[Records from a collection]
Lemma det_gram_gt0 m n (A : 'M[R]_(m, n)) : row_free A -> 0 < \det (A *m A^T).
Proof.
move=> A_free; have /andP[detG_ge0 _] := hadamard (gram_sym A) (gram_psd A).
rewrite lt_def detG_ge0 andbT; apply/det0P => -[v v_neq0 vG0].
have vA0 : v *m A = 0.
  have sum0 : \sum_k (v *m A) 0 k ^+ 2 = 0.
    by rewrite -gram_diag trmx_mul !mulmxA -(mulmxA v) vG0 !mul0mx mxE.
  apply/rowP => k; apply/eqP; rewrite [X in _ == X]mxE -sqrf_eq0; apply/eqP.
  by apply: (psumr_eq0P (P := fun=> true) _ sum0) => // j _; rewrite sqr_ge0.
by move/eqP: v_neq0; apply; apply: (row_free_inj A_free); rewrite vA0 mul0mx.
Qed.
End Hadamard.

Section RealSums.
Variable R : realDomainType.

Lemma prodr_ge1_eq1 n (F : 'I_n -> R) :
  (forall i, 0 <= F i <= 1) -> 1 <= \prod_i F i -> forall i, F i = 1.
Proof.
move=> F01 prod_ge1 i; have /andP[Fi_ge0 Fi_le1] := F01 i.
apply/le_anti; rewrite Fi_le1 (le_trans prod_ge1) // (bigD1 i) //=.
by rewrite ler_piMr ?prodr_ge0 ?prodr_ile1 // => j _; case/andP: (F01 j).
Qed.

Lemma sqr_sum_le1_eq0 n (a : 'I_n -> R) k :
  a k ^+ 2 = 1 -> \sum_j a j ^+ 2 <= 1 -> forall j, j != k -> a j = 0.
Proof.
move=> ak1 le1 j jk; apply/eqP; rewrite -sqrf_eq0; apply/eqP.
apply: (psumr_eq0P (P := fun j => j != k) (F := fun j => a j ^+ 2)) jk.
  by move=> i _; rewrite sqr_ge0.
apply/le_anti; rewrite sumr_ge0 ?andbT => [|i _]; last exact: sqr_ge0.
by move: le1; rewrite (bigD1 k) //= ak1; lra.
Qed.

Lemma signed_unit_l1 n (a : 'I_n -> R) :
  \sum_j `|a j| <= 1 -> \sum_j a j ^+ 2 = 1 ->
  exists k, (a k = 1 \/ a k = -1) /\ forall j, j != k -> a j = 0.
Proof.
move=> l1 l2.
have a_le1 j : `|a j| <= 1.
  by apply: le_trans l1; rewrite (bigD1 j) //= lerDl sumr_ge0.
have sqr_norm j : a j ^+ 2 = `|a j|.
  have sq_le i : 0 <= `|a i| - a i ^+ 2.
    by rewrite subr_ge0 -real_normK ?num_real // expr2 ler_piMl.
  apply/eqP; rewrite eq_sym -subr_eq0; apply/eqP.
  apply: (psumr_eq0P (P := fun=> true) (fun i _ => sq_le i)) => //.
  by apply/le_anti; rewrite sumr_ge0 // andbT sumrB l2 subr_le0.
have [k ak_neq0] : exists k, a k != 0.
  case: (pickP (fun j => a j != 0)) => [k ? | a0]; first by exists k.
  move: l2; rewrite big1 => [/esym/eqP|j _]; first by rewrite oner_eq0.
  by move/negbFE/eqP: (a0 j) => ->; rewrite expr0n.
have ak_norm : `|a k| = 1.
  apply: (mulfI (x := `|a k|)); first by rewrite normr_eq0.
  by rewrite mulr1 -expr2 real_normK ?num_real // sqr_norm.
exists k; split.
  by move: ak_norm; case: ger0P => _ ak; [left | right]; lra.
by apply: (sqr_sum_le1_eq0 (k := k)); rewrite ?sqr_norm ?ak_norm ?l2.
Qed.
End RealSums.

Section Factorizations.
Variable F : fieldType.

Lemma factorization_unitmx m n k (Hg Hs : 'M[F]_(m, k)) (Sg Ss : 'M[F]_(k, n)) :
  row_full Hg -> row_free Sg -> Hg *m Sg = Hs *m Ss ->
  exists2 A, A \in unitmx & Ss = A *m Sg /\ Hs = Hg *m invmx A.
Proof.
case/row_fullP => L LHg; case/row_freeP => B SgB HS.
pose P := L *m Hs.
have SgP : Sg = P *m Ss by rewrite -mulmxA -HS mulmxA LHg mul1mx.
have P_unit : P \in unitmx.
  have PSsB : P *m (Ss *m B) = 1%:M by rewrite mulmxA -SgP.
  by case: (mulmx1_unit PSsB).
have SsP : Ss = invmx P *m Sg by rewrite SgP mulKmx.
have HgP : Hg = Hs *m invmx P.
  by rewrite -[Hg]mulmx1 -SgB mulmxA HS SsP -!mulmxA SgB mulmx1.
by exists (invmx P); rewrite ?unitmx_inv // invmxK HgP mulmxKV.
Qed.

Lemma det_gram_mul m n (A : 'M[F]_m) (S : 'M_(m, n)) :
  \det (A *m S *m (A *m S)^T) = \det A ^+ 2 * \det (S *m S^T).
Proof. by rewrite trmx_mul !mulmxA -(mulmxA A S) !det_mulmx det_tr; ring. Qed.

Lemma signed_perm_of_rows n (A : 'M[F]_n) : A \in unitmx ->
  (forall i, exists k, (A i k = 1 \/ A i k = -1) /\ forall j, j != k -> A i j = 0) ->
  exists (s : 'S_n) (d : 'I_n -> F),
    (forall i, d i = 1 \/ d i = -1) /\ A = diag_mx (\row_i d i) *m perm_mx s.
Proof.
move=> A_unit /fin_all_exists[f fP].
have Af i j : A i j = A i (f i) * (f i == j)%:R.
  have [<-|fij] := eqVneq (f i) j; first by rewrite mulr1.
  by rewrite (proj2 (fP i)) 1?eq_sym // mulr0.
have d_neq0 i : A i (f i) != 0 by case: (proj1 (fP i)) => ->; rewrite ?oppr_eq0 oner_eq0.
have f_inj : injective f.
  move=> i i' fii'; apply/eqP/contraT => ii'.
  have AAV j j' : (A *m invmx A) j j' = A j (f j) * invmx A (f j) j'.
    rewrite mxE (bigD1 (f j)) //= big1 ?addr0 // => k fjk.
    by rewrite Af eq_sym (negbTE fjk) mulr0 mul0r.
  have := AAV i' i; rewrite mulmxV // mxE eq_sym (negbTE ii') => /esym/eqP.
  rewrite mulf_eq0 (negbTE (d_neq0 i')) -fii' /= => /eqP AVi.
  by have := AAV i i; rewrite mulmxV // mxE eqxx AVi mulr0 => /eqP; rewrite oner_eq0.
exists (perm f_inj), (fun i => A i (f i)); split; first by move=> i; case: (fP i).
by apply/matrixP => i j; rewrite mul_diag_mx !mxE permE Af.
Qed.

**ASSIGNED TASK:**
Working from the data above, extract solely the lines from the one containing "by move=> i _; rewrite sqr_ge0." through the one containing "move=> l1 l2.", exactly as they appear, both included.

**TASK OUTPUT:**
  by move=> i _; rewrite sqr_ge0.
apply/le_anti; rewrite sumr_ge0 ?andbT => [|i _]; last exact: sqr_ge0.
by move: le1; rewrite (bigD1 k) //= ak1; lra.
Qed.

Lemma signed_unit_l1 n (a : 'I_n -> R) :
  \sum_j `|a j| <= 1 -> \sum_j a j ^+ 2 = 1 ->
  exists k, (a k = 1 \/ a k = -1) /\ forall j, j != k -> a j = 0.
Proof.
move=> l1 l2.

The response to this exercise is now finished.